Well, I sure as heck know what page I am bookmarking for a rainy day! This is what its all about right? Sharing what we know and encouraging each other to be the best woodworkers we can be. You guys are the best. Thank you!

marc


----------



## Timber4fun (Jul 17, 2008)

TWW is a great website. Marc - I like your sense of humor. I really enjoy the webcasts.


----------



## Chardt (Jul 16, 2008)

I've emailed Marc a couple of times, both to ask questions, and to tell him I appreciate the podcast. I dig that he's not trying to present himself as an expert. He usually prefaces his techniques with 'This is what works for me…you may know a better way'.

How can you not be a fan of the guy?

The guy making criticism was just trying to spark a drama. I guess Myspace must have been down.

Someone could make a quip about him being a tool lacking sharpness.

Keep up the good work Marc, and We'll keep watching.

Peace!
-Carl Hardt


----------



## hafwit (Jul 1, 2008)

Well I missed all the hullabaroo, but wanted to parrot everyones compliments to Marc.
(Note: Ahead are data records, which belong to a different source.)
Lemma leq_zeros_before b c m : zeros_before b c m <= zeros_before b c.+1 m.
Proof.
apply: leq_sum => i _.
have h : ones m (c.+2 + i) <= (ones m (c.+1 + i)).+1.
  by rewrite addSn onesSr; case: (W _); rewrite /= ?addn0 ?addn1.
by case: (leqP (ones m (c.+1 + i)) c) => /=; case: leqP => /=; lia.
Qed.

Lemma zeros_before0 b m : 0 < b -> (zeros_before b 0 m == 0) = W m.
Proof. by move=> hb; rewrite -leqn0 zeros_before_leq // addn0 ones1 lt0b. Qed.

Lemma zeros_before_one b c m : W m -> zeros_before b c m.+1 = zeros_before b c.+1 m.
Proof.
by move=> hW; apply: eq_bigr => i _; rewrite (addSn c.+1) onesS hW add1n ltnS.
Qed.

Section Periodic.

Variable n : nat.
Hypothesis W_periodic : forall i, W (i + n) = W i.

Lemma ones_periodic k m : ones (k + n) m = ones k m.
Proof.
elim: m => [|m IH]; first by rewrite !ones0.
by rewrite !onesSr IH addnAC W_periodic.
Qed.

Lemma ones_period k : ones k n = ones 0 n.
Proof.
elim: k => [//|k <-].
by have := onesS k n; rewrite onesSr addnC W_periodic; lia.
Qed.

Lemma zeros_before_periodic b c m : zeros_before b c (m + n) = zeros_before b c m.
Proof. by apply: eq_bigr => i _; rewrite ones_periodic. Qed.

End Periodic.

End Windows.

Section BalancedWord.

Variables (a b : nat) (W : nat -> bool).
Hypothesis W_periodic : forall i, W (i + (a + b)) = W i.
Hypothesis W_ones : ones W 0 (a + b) = a.
Hypothesis b_gt0 : 0 < b.

Lemma ones_window_geq k L : L <= a + b -> L - b <= ones W k L.
Proof.
move=> hL; have := onesD W k L (a + b - L).
by rewrite subnKC // ones_period // W_ones; have := ones_leq W (k + L) (a + b - L); lia.
Qed.

Lemma zeros_before_zero c m : c < a -> ~~ W m ->
  zeros_before W b c m = (zeros_before W b c m.+1).+1.
Proof.
move=> hc /negbTE hW.
have shift t : ones W m t.+1 = ones W m.+1 t by rewrite onesS hW.
have last_gt : (ones W m.+1 (c.+1 + b.-1) <= c) = false.
  apply/negbTE; rewrite -ltnNge -shift -addSn.
  by have := @ones_window_geq m (c.+2 + b.-1); lia.
rewrite /zeros_before -(prednK b_gt0) [in RHS]big_nat_recr //= last_gt addn0.
rewrite big_nat_recl // addn0 shift ones_leq add1n; congr _.+1.
by apply: eq_big_nat => i _; rewrite addnS shift.
Qed.

Lemma zeros_before_last m : 0 < a -> W m -> zeros_before W b a.-1 m.+1 = b.
Proof.
move=> ha hW; rewrite /zeros_before (@eq_big_nat _ _ _ 0 b _ (fun _ => 1)).
  by rewrite sum_nat_const_nat muln1 subn0.
move=> i /andP [_ hi].
have hfull : ones W m.+1 (a + b).-1 = a.-1.
  have := onesS W m (a + b).-1; rewrite prednK ?addn_gt0 ?ha //.
  by rewrite ones_period // W_ones hW; lia.
suff : ones W m.+1 (a.-1.+1 + i) <= ones W m.+1 (a + b).-1 by rewrite hfull => ->.
by apply: leq_ones; lia.
Qed.

Lemma zeros_before_adj c m : c.+1 < a ->
  zeros_before W b c m.+1 <= zeros_before W b c.+1 m.
Proof.
move=> hc; case hW: (W m); first by rewrite zeros_before_one.
apply: leq_trans (leq_zeros_before W b c m).
by rewrite (@zeros_before_zero c m) ?hW ?(ltnW hc).
Qed.

End BalancedWord.

Section Staircase.

Variables a b : nat.

Definition stair (k : nat -> nat) : {set 'I_a * 'I_b} :=
  [set y : 'I_a * 'I_b | y.2 < k y.1].

Definition update (k : nat -> nat) c v i := if i == c then v else k i.

Definition left_height k c := if c == 0 then b else k c.-1.
Definition right_height k c := if c.+1 == a then 0 else k c.+1.

Definition nonincr (k : nat -> nat) := forall i, i.+1 < a -> k i.+1 <= k i.

Lemma nonincr_leq k i j : nonincr k -> i <= j -> j < a -> k j <= k i.
Proof.
move=> hk hij; elim: j hij => [|j IH]; first by rewrite leqn0 => /eqP ->.
rewrite leq_eqVlt => /orP [/eqP -> //|hij] hj.
exact: leq_trans (hk _ hj) (IH hij (ltnW hj)).
Qed.

Lemma stair_ideal k : nonincr k -> is_ideal (stair k).
Proof.
move=> hk; apply/forallP => y; apply/forallP => z; apply/implyP => /andP [].
rewrite !inE /Qle => hy /andP [h1 h2].
exact: leq_ltn_trans h2 (leq_trans hy (nonincr_leq hk h1 (ltn_ord _))).
Qed.

Lemma eq_stair k k' : (forall i, i < a -> k i = k' i) -> stair k = stair k'.
Proof. by move=> h; apply/setP => y; rewrite !inE h. Qed.

Lemma stair_update_same k c : stair (update k c (k c)) = stair k.
Proof. by apply: eq_stair => i _; rewrite /update; case: eqP => // ->. Qed.

Lemma stair_update_update k c v w :
  stair (update (update k c v) c w) = stair (update k c w).
Proof. by apply: eq_stair => i _; rewrite /update; case: eqP. Qed.

Lemma left_height_update k c v : left_height (update k c v) c = left_height k c.
Proof. by rewrite /left_height /update; case: eqP => // ne; case: eqP => //; lia. Qed.

Lemma right_height_update k c v : right_height (update k c v) c = right_height k c.
Proof. by rewrite /right_height /update; case: eqP => // ne; case: eqP => //; lia. Qed.

Lemma nonincr_update k c v : nonincr k -> c < a ->
  right_height k c <= v -> v <= left_height k c -> nonincr (update k c v).
Proof.
rewrite /right_height /left_height /update => hk hc hr hl i hi.
case: (eqVneq i.+1 c) hl => [<- /= hl|ne _]; first by rewrite ltn_eqF.
case: (eqVneq i c) hr => [<- hr|_ _]; last exact: hk.
by rewrite (ltn_eqF hi) in hr.
Qed.

Lemma nonideal_witness (S : {set 'I_a * 'I_b}) y z :
  y \in S -> Qle z y -> z \notin S -> ~~ is_ideal S.
Proof.
move=> hy hzy hz; apply/negP => /forallP /(_ y) /forallP /(_ z) /implyP.
by rewrite hy hzy => /(_ isT); apply/negP.
Qed.

Lemma stair_add (k : nat -> nat) (c : 'I_a) (t : 'I_b) : t = k c :> nat ->
  (c, t) |: stair k = stair (update k c (k c).+1).
Proof.
move=> e; apply/setP => [[i j]]; rewrite !inE /update /= xpair_eqE -!val_eqE /=.
by case: (eqVneq (i : nat) c) => [->|] //=; rewrite -e; lia.
Qed.

Lemma stair_del (k : nat -> nat) (c : 'I_a) (t : 'I_b) : t.+1 = k c :> nat ->
  stair k :\ (c, t) = stair (update k c (k c).-1).
Proof.
move=> e; apply/setP => [[i j]]; rewrite !inE /update /= xpair_eqE -!val_eqE /=.
by case: (eqVneq (i : nat) c) => [->|] //=; rewrite -e /=; case: (ltngtP j t); lia.
Qed.

Section ToggleStair.

Variable k : nat -> nat.
Hypothesis k_nonincr : nonincr k.
Hypothesis k_le_b : forall i, i < a -> k i <= b.

Lemma right_height_leq (c : 'I_a) : right_height k c <= k c.
Proof.
by rewrite /right_height; case: eqP => // ne; apply: k_nonincr; have := ltn_ord c; lia.
Qed.

Lemma left_height_geq (c : 'I_a) : k c <= left_height k c.
Proof.
rewrite /left_height; case: eqP => [_|ne]; first exact: k_le_b.
by have := k_nonincr (i := c.-1); have := ltn_ord c; rewrite prednK; lia.
Qed.

Lemma stair_add_nonideal (c : 'I_a) (t : 'I_b) : k c <= t ->
  ~~ ((t == k c :> nat) && (k c < left_height k c)) ->
  ~~ is_ideal ((c, t) |: stair k).
Proof.
rewrite leq_eqVlt => /orP [/eqP e|hlt] hno.
- move: hno; rewrite -e eqxx /= -leqNgt /left_height.
  case: eqP => [_ hbt|/eqP hc0 hle]; first by have := ltn_ord t; lia.
  have hc1 : c.-1 < a by have := ltn_ord c; lia.
  apply: (@nonideal_witness _ (c, t) (Ordinal hc1, t)).
  + by rewrite !inE eqxx.
  + by rewrite /Qle /=; lia.
  + by rewrite !inE /= xpair_eqE -!val_eqE /=; lia.
- have ht1 : t.-1 < b by have := ltn_ord t; lia.
  apply: (@nonideal_witness _ (c, t) (c, Ordinal ht1)).
  + by rewrite !inE eqxx.
  + by rewrite /Qle /=; lia.
  + by rewrite !inE /= xpair_eqE -!val_eqE /=; lia.
Qed.

Lemma stair_del_nonideal (c : 'I_a) (t : 'I_b) : t < k c ->
  ~~ ((t.+1 == k c) && (right_height k c < k c)) ->
  ~~ is_ideal (stair k :\ (c, t)).
Proof.
rewrite leq_eqVlt => /orP [/eqP e|hlt] hno.
- move: hno; rewrite e eqxx /= -leqNgt /right_height.
  case: eqP => [_|/eqP hca hge]; first by lia.
  have hc1 : c.+1 < a by have := ltn_ord c; lia.
  apply: (@nonideal_witness _ (Ordinal hc1, t) (c, t)).
  + by rewrite !inE /= xpair_eqE -!val_eqE /=; lia.
  + by rewrite /Qle /=; lia.
  + by rewrite !inE eqxx.
- have ht1 : t.+1 < b by have := k_le_b (ltn_ord c); lia.
  apply: (@nonideal_witness _ (c, Ordinal ht1) (c, t)).
  + by rewrite !inE /= xpair_eqE -!val_eqE /=; lia.
  + by rewrite /Qle /=; lia.
  + by rewrite !inE eqxx.
Qed.

Definition toggled_height (c t : nat) :=
  if (t == k c) && (k c < left_height k c) then (k c).+1
  else if (t.+1 == k c) && (right_height k c < k c) then (k c).-1 else k c.

Lemma toggle_stair (c : 'I_a) (t : 'I_b) :
  toggle (c, t) (stair k) = stair (update k c (toggled_height c t)).
Proof.
have hr := right_height_leq c; have hl := left_height_geq c.
rewrite /toggle /toggled_height inE /=; case: ltnP => htk /=.
- rewrite (_ : (t == k c :> nat) = false) /=; last by apply/eqP; lia.
  case: (boolP ((t.+1 == k c) && (right_height k c < k c))) => [/andP [/eqP e hlt]|hno].
    by rewrite stair_del // stair_ideal //; apply: nonincr_update => //; lia.
  by rewrite (negbTE (stair_del_nonideal htk hno)) stair_update_same.
- case: (boolP ((t == k c :> nat) && (k c < left_height k c))) => [/andP [/eqP e hlt]|hno].
    by rewrite stair_add // stair_ideal //; apply: nonincr_update => //; lia.
  rewrite (_ : (t.+1 == k c) = false) /=; last by apply/eqP; lia.
  by rewrite (negbTE (stair_add_nonideal htk hno)) stair_update_same.
Qed.

End ToggleStair.

End Staircase.

Arguments stair : clear implicits.

Section ColumnToggle.

Variables (a b : nat) (k : nat -> nat).
Hypothesis k_nonincr : nonincr a k.
Hypothesis k_le_b : forall i, i < a -> k i <= b.

(* The new height of column [c] once its cells [t], ..., [b - 1] have been
   toggled, from the top down. *)
Definition col_suffix_height (c t : nat) :=
  if k c < left_height b k c then (if t <= k c then (k c).+1 else k c)
  else minn (k c) (maxn t (right_height a k c)).

Lemma toggle_col_suffix (c : 'I_a) (s : seq 'I_b) t : map val s = iota t (b - t) ->
  foldr (fun j J => toggle (c, j) J) (stair a b k) s =
  stair a b (update k c (col_suffix_height c t)).
Proof.
have hr := right_height_leq k_nonincr c; have hl := left_height_geq k_nonincr k_le_b c.
have hkb := k_le_b (ltn_ord c).
have hlb : left_height b k c <= b.
  by rewrite /left_height; case: eqP => // ne; apply: k_le_b; have := ltn_ord c; lia.
elim: s t => [|j s IH] t /=.
  move=> /esym /(congr1 size); rewrite size_iota /= => e.
  rewrite -{1}(stair_update_same a b k c) /col_suffix_height.
  by congr (stair a b (update k c _)); do 2?case: ifP => ?; lia.
case e: (b - t) => [//|n] [ej es].
have {}es : map val s = iota t.+1 (b - t.+1) by rewrite es; congr iota; lia.
set v := col_suffix_height c t.+1.
have hvr : right_height a k c <= v by rewrite /v /col_suffix_height; do 2?case: ifP; lia.
have hvl : v <= left_height b k c by rewrite /v /col_suffix_height; do 2?case: ifP; lia.
rewrite (IH t.+1 es) toggle_stair; first last.
- by move=> i hi; rewrite /update; case: eqP => _; [lia | exact: k_le_b].
- exact: (nonincr_update (b := b) k_nonincr (ltn_ord c)).
rewrite stair_update_update; congr (stair a b (update k c _)).
rewrite /toggled_height left_height_update right_height_update /update eqxx ej.
by move: hvr hvl; rewrite /v /col_suffix_height; do ![case: ifP => ?]; lia.
Qed.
He IS a great guy!

Marc and Nicole are pioneers in the digital woodworking community and I think I am safe to say that they have done more for the craft in recent years than most do in their lifetimes.

I (for one) am glad they are here!

Pete Bretzke


----------



## SawdustMill (Mar 7, 2008)

I can say, without question, and nearly to the day, that I bumped into TWW and started watching the podcast, my woodworking went up to a new level, from the "guy with a saw that makes sawdust" to the "guy who's wife just asked for another end table for the house" 

Marc, your show was my original "formal" training, I've got nothing but props for you and the TWW show !


----------



## USCJeff (Apr 6, 2007)

I'll not echo all the praise, but leave it as I appreciate anyone who is willing to provide free content to better the hobby for me. I only have been educated through books, vidoes, and mostly mistakes. If a picture is worth a thousand words, the free online video at TWW (and elsewhere to be fair) far exceed that. If I knew Mac personally, I'd give him a hard time for having what is seemingly some nice sponser/partnerships. This would be out of jealousy, of course. Not much I wouldn't do for the occasional Festool or like incentives!

More related, I have submitted a handful of Woodtalk Online questions in its earlier days and all were answered on air as well as some written feedback. Satisfied and then some in my book.


----------